Suspicion for intraspinal lipoma may be raised when plain x-rays show spinal canal widening and thinning of the inner aspects of the pedicles. As for intracranial lipomas, their diagnosis is made by the identification of adipose tissue by CT hypodensity and MRI T1- and T2-hypointensity. Other associated dysraphic abnormalities may also be identified, such as spina bifida, vertebral anomalies, and widened interpedicular distance. Although not routinely used, myelography may help assess the relationship between the lipoma and the surrounding subarachnoid spaces. Intracranial cisternal lipomas that are associated with cortical dysplasia have been shown to be better characterized by the Dixon technique, which is a fat-water separation method on MRI (28). Fat is seen in the filum terminale in 3% to 5% of MRIs of the lumbosacral spine (02). In an MR study of 50 patients with occult spinal dysraphism, the conus lay below L3 in 86%, and about half of patients had a lipoma that was commonly associated with an open central canal (58). In cases where there is diagnostic doubt, further investigation depends on the site and suspected differential diagnosis (eg, possibly angiography) if vessels course through the lipoma. Definitive diagnosis is made at operation and by histology.

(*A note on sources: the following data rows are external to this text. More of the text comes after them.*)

Lemma ad_Der a : ad a \in Der.
Proof. by apply/DerP => x y; rewrite !mul_ad lmulBl lmulBr !lmulA addrA subrK. Qed.

Lemma Inn_subv_Der : (Inn <= Der)%VS.
Proof. by apply/subvP => D /InnP[a ->]; apply: ad_Der. Qed.

Definition idem_values (D : 'M[k]_N) : {ffun V -> L} := [ffun v => idem v *m D].

Lemma idem_values_is_linear : linear idem_values.
Proof. by move=> a D1 D2; apply/ffunP => v; rewrite !ffunE mulmxDr -scalemxAr. Qed.

HB.instance Definition _ := GRing.isLinear.Build k 'M[k]_N {ffun V -> L} *:%R
  idem_values idem_values_is_linear.

Definition Der0 : {vspace 'M[k]_N} := (Der :&: lker (linfun idem_values))%VS.

Lemma Der0P D : reflect (D \in Der /\ forall v, idem v *m D = 0) (D \in Der0).
Proof.
rewrite memv_cap; apply: (iffP andP) => -[hD h]; split=> //.
  by move=> v; move: h; rewrite memv_ker lfunE /= => /eqP/ffunP/(_ v); rewrite !ffunE.
by rewrite memv_ker lfunE /=; apply/eqP/ffunP => v; rewrite !ffunE h.
Qed.

Definition idem_twist (D : 'M[k]_N) : L := \sum_v lmul (idem v *m D) (idem v).

Section IdemTwist.
Variable D : 'M[k]_N.
Hypothesis hD : D \in Der.

Lemma lmul_idem_twist_idem w : lmul (idem_twist D) (idem w) = lmul (idem w *m D) (idem w).
Proof.
rewrite lmul_suml (eq_bigr _ (fun v _ => lmulA _ _ _)).
under eq_bigr => v _ do rewrite lmul_idem fun_if lmul0r.
by rewrite -big_mkcond big_pred1_eq.
Qed.

Lemma lmul_idem_idem_twist w :
  lmul (idem w) (idem_twist D) = lmul (idem w *m D) (idem w) - idem w *m D.
Proof.
have Leibniz := DerP _ hD.
have e v : lmul (idem w) (lmul (idem v *m D) (idem v)) =
           (if w == v then lmul (idem w *m D) (idem w) else 0) - lmul (idem w *m D) (idem v).
  rewrite -lmulA; have -> : lmul (idem w) (idem v *m D) =
                             lmul (idem w) (idem v) *m D - lmul (idem w *m D) (idem v).
    by rewrite Leibniz addrC addKr.
  rewrite lmulBl lmulA [lmul (idem v) (idem v)]lmul_idem eqxx lmul_idem.
  by case: eqP => [<-|_]; rewrite ?mul0mx ?lmul0l.
rewrite /idem_twist lmul_sumr (eq_bigr _ (fun v _ => e v)) sumrB -big_mkcond /=.
by rewrite (big_pred1 w) -?lmul_sumr ?lmul1r // => v; rewrite eq_sym.
Qed.

Lemma Der_subr_ad_idem_twist : D - ad (idem_twist D) \in Der0.
Proof.
apply/Der0P; split; first by rewrite memvB ?ad_Der.
move=> w; rewrite mulmxBr mul_ad lmul_idem_twist_idem lmul_idem_idem_twist.
by rewrite opprB addrAC subrr add0r subrr.
Qed.

End IdemTwist.

Lemma Der_Der0_Inn : Der = (Der0 + Inn)%VS.
Proof.
apply/eqP; rewrite eqEsubv subv_add Inn_subv_Der andbT; apply/andP; split.
  apply/subvP => D hD; rewrite -(subrK (ad (idem_twist D)) D).
  by apply: memv_add; [exact: Der_subr_ad_idem_twist | apply/InnP; exists (idem_twist D)].
by apply/subvP => D /Der0P[].
Qed.

(** * Normalized derivations and arrows *)

Definition arrow_subst (a : A) (e : seq A) (v : V) (w : seq A) : L :=
  \sum_(0 <= j < size w | nth a w j == a) pvec v (splice e j w).

Lemma arrow_subst_cat a e v w1 w2 :
  arrow_subst a e v (w1 ++ w2) =
  \sum_(0 <= j < size w1 | nth a w1 j == a) pvec v (splice e j w1 ++ w2) +
  \sum_(0 <= j < size w2 | nth a w2 j == a) pvec v (w1 ++ splice e j w2).
Proof.
rewrite /arrow_subst size_cat (big_cat_nat (leq0n _) (leq_addr _ _)) /=; congr (_ + _).
  rewrite big_nat_cond [RHS]big_nat_cond.
  by apply: eq_big => [j|j /andP[/andP[_ hj] _]]; rewrite ?splice_catl //;
    case: ltnP => hj; rewrite ?nth_cat ?hj ?andbF.
rewrite -{1}(add0n (size w1)) big_addn addKn.
by apply: eq_big => [j|j _]; rewrite addnC ?splice_catr // nth_cat ltnNge leq_addr /= addKn.
Qed.

Lemma arrow_subst_arrow a e v b : arrow_subst a e v [:: b] = if b == a then pvec v e else 0.
Proof. by rewrite /arrow_subst /= big_mkcond big_nat1 /splice /= cats0. Qed.

Definition arrow_der (a : A) (e : seq A) : 'M[k]_N :=
  \matrix_i arrow_subst a e (bsrc (enum_val i)) (bword (enum_val i)).

Section ArrowDerivation.
Variables (a : A) (e : seq A).
Hypotheses (e_neq_nil : e != [::]) (e_tgt : t (last a e) = t a).

Lemma path_tgt_splice v w j : (j < size w)%N -> nth a w j = a ->
  ptgt v (splice e j w) = ptgt v w.
Proof.
move=> hj hn; rewrite -[in RHS](cat_take_drop j w) (drop_nth a hj) hn -cat1s !path_tgt_cat.
by congr ptgt; case: e e_neq_nil e_tgt => [//|b e'] _ /= <-.
Qed.

Lemma mul_arrow_der v w : ispath v w -> pvec v w *m arrow_der a e = arrow_subst a e v w.
Proof.
move=> hp; have [hB|nB] := boolP (inB v w).
  by have [p [<- <-]] := inB_bpath hB; rewrite mul_bpath rowK enum_rankK.
(* A path outside B is too long, and substitution only makes it longer. *)
rewrite pvec_notB // mul0mx /arrow_subst big_nat_cond big1 // => j /andP[/andP[_ hj] _].
apply: pvec_notB; apply: contra nB; rewrite /inB hp /= => /andP[_]; apply: leq_trans.
by rewrite -ltnS size_splice // -addn1 leq_add2l lt0n size_eq0.
Qed.

Lemma lmul_arrow_subst_l v1 w1 v2 w2 :
  lmul (arrow_subst a e v1 w1) (pvec v2 w2) =
  if ptgt v1 w1 == v2 then
    \sum_(0 <= j < size w1 | nth a w1 j == a) pvec v1 (splice e j w1 ++ w2) else 0.
Proof.
rewrite /arrow_subst lmul_suml big_nat_cond (eq_bigr (fun j =>
   if ptgt v1 w1 == v2 then pvec v1 (splice e j w1 ++ w2) else 0)); last first.
  by move=> j /andP[/andP[_ hj] /eqP hn]; rewrite lmul_pvec path_tgt_splice.
by case: eqP => _; [rewrite [RHS]big_nat_cond | rewrite big1].
Qed.

Lemma lmul_arrow_subst_r v1 w1 v2 w2 :
  lmul (pvec v1 w1) (arrow_subst a e v2 w2) =
  if ptgt v1 w1 == v2 then
    \sum_(0 <= j < size w2 | nth a w2 j == a) pvec v1 (w1 ++ splice e j w2) else 0.
Proof.
rewrite /arrow_subst lmul_sumr (eq_bigr _ (fun j _ => lmul_pvec _ _ _ _)).
by case: eqP => _; last rewrite big1.
Qed.

Lemma arrow_der_Der0 : arrow_der a e \in Der0.
Proof.
apply/Der0P; split=> [|v]; last by rewrite mul_arrow_der // /arrow_subst big_geq.
apply: Der_bpath => p q; rewrite lmul_bpath !mul_arrow_der ?bpath_is_path //.
rewrite lmul_arrow_subst_l lmul_arrow_subst_r.
case: eqP => [hpq|_]; last by rewrite mul0mx addr0.
rewrite mul_arrow_der ?arrow_subst_cat //.
by rewrite is_path_cat bpath_is_path -/(btgt p) hpq bpath_is_path.
Qed.

End ArrowDerivation.

Local Notation Q1B := (Q1B s t m).

Definition arrow_coords (D : 'M[k]_N) : 'rV[k]_#|Q1B| :=
  \row_j ((pvec (s (enum_val j).1) [:: (enum_val j).1] *m D) 0 (enum_rank (enum_val j).2)).

Lemma arrow_coords_is_linear : linear arrow_coords.
Proof.
move=> c D1 D2; apply/rowP => j; rewrite !mxE mulr_sumr -big_split.
by apply: eq_bigr => i _ /=; rewrite !mxE mulrDr mulrCA.
Qed.

HB.instance Definition _ := GRing.isLinear.Build k 'M[k]_N 'rV[k]_#|Q1B| *:%R
  arrow_coords arrow_coords_is_linear.

Lemma arrow_coords_arrow_der : acyclic s t ->
  forall i, arrow_coords (arrow_der (enum_val i).1 (bword (enum_val i).2)) = delta_mx 0 i.
Proof.
move=> hacyc i; apply/rowP => j; rewrite [LHS]mxE [RHS]mxE /=.
have := Q1B_word_neq_nil hacyc (enum_valP i); have := Q1B_last_tgt (enum_valP i).
have := enum_valP i; have := enum_valP j; rewrite !inE.
case ej: (enum_val j) => [aj pj]; case ei: (enum_val i) => [ai pi] /=.
move=> /andP[/eqP hsj _] /andP[/eqP hsi _] hlast hne.
rewrite mul_arrow_der //= ?eqxx // arrow_subst_arrow.
case: (eqVneq aj ai) => [eai|nai]; last first.
  rewrite mxE; case: (eqVneq j i) => // eji.
  by move: ej; rewrite eji ei => -[ea _]; rewrite ea eqxx in nai.
rewrite pvec_coord hsj eqxx /=; congr (nat_of_bool _)%:R.
apply/eqP/eqP => [ew|eji]; last by move: ej; rewrite eji ei => -[_ ->].
by apply: enum_val_inj; rewrite ej ei eai (bpath_inj _ ew) // hsj hsi eai.
Qed.

Section NormalizedDerivations.
Variable D : 'M[k]_N.
Hypothesis hD0 : D \in Der0.

Lemma Der0_arrow_corner a :
  pvec (s a) [:: a] *m D = lmul (lmul (idem (s a)) (pvec (s a) [:: a] *m D)) (idem (t a)).
Proof.
have [/DerP Leibniz hE] := Der0P _ hD0.
have ha_l : lmul (idem (s a)) (pvec (s a) [:: a]) = pvec (s a) [:: a] by rewrite lmul_pvec eqxx.
have ha_r : lmul (pvec (s a) [:: a]) (idem (t a)) = pvec (s a) [:: a].
  by rewrite lmul_pvec /= eqxx.
by rewrite -{1}ha_r Leibniz hE lmul0r addr0 -{1}ha_l Leibniz hE lmul0l add0r.
Qed.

Most intracranial lipomas are asymptomatic and should be left alone. Given their rarity, there are no clinical trials for their management. Surgical removal of corpus callosal, choroid plexus, and quadrigeminal lipomas should generally be avoided. Surgical removal of Sylvian fissure lipomas has only been reported a handful of times and is considered very risky given the highly vascularized environment (11). Seizures are best managed medically. Hydrocephalus can be treated by ventriculoperitoneal shunting (33). Lipomas in the cerebellopontine angle are usually not associated with other congenital malformations. Decompression should only be considered in cases of an enlarging tumor and compressive symptoms. In a review of 98 cases of cerebellopontine angle lipomas, Tankere and colleagues found that original symptoms improve in 50% of patients postoperatively (63). However, new postoperative deficits were present in 72%, and preservation of hearing was achieved in one quarter of patients.
Spinal lipomas are surgically managed when they are symptomatic. In cases of symptomatic intraspinal lipomas in which the symptoms are progressive, earlier operation has been shown to produce some symptom improvements in patients (59). In cases of symptomatic intraspinal lipomas where there are progressive symptoms or enlarging lipoma or syrinx demonstrated on MRI, there is a general feeling that earlier operation is easier and will produce some improvement in up to 60% of patients. In cases where the lipoma is associated with spinal dysraphism, the natural history is one of progressive neurologic dysfunction, and early operation may be preventative (08). The goal of surgery is to reverse spinal cord tethering. In an article, Casado-Ruiz and colleagues called for the proper classification of spinal lipomas using the cord-sac ratio to determine the most appropriate surgical approach for different subtypes of spinal lipomas (10). Based on their center’s experience, they limited radical resection to symptomatic Morota’s Type 1 lipomas (10). Lim and colleagues found that total or near-total resection of complex lumbosacral lipomas can help to prevent re-tethering of the spinal cord and functional decline (39).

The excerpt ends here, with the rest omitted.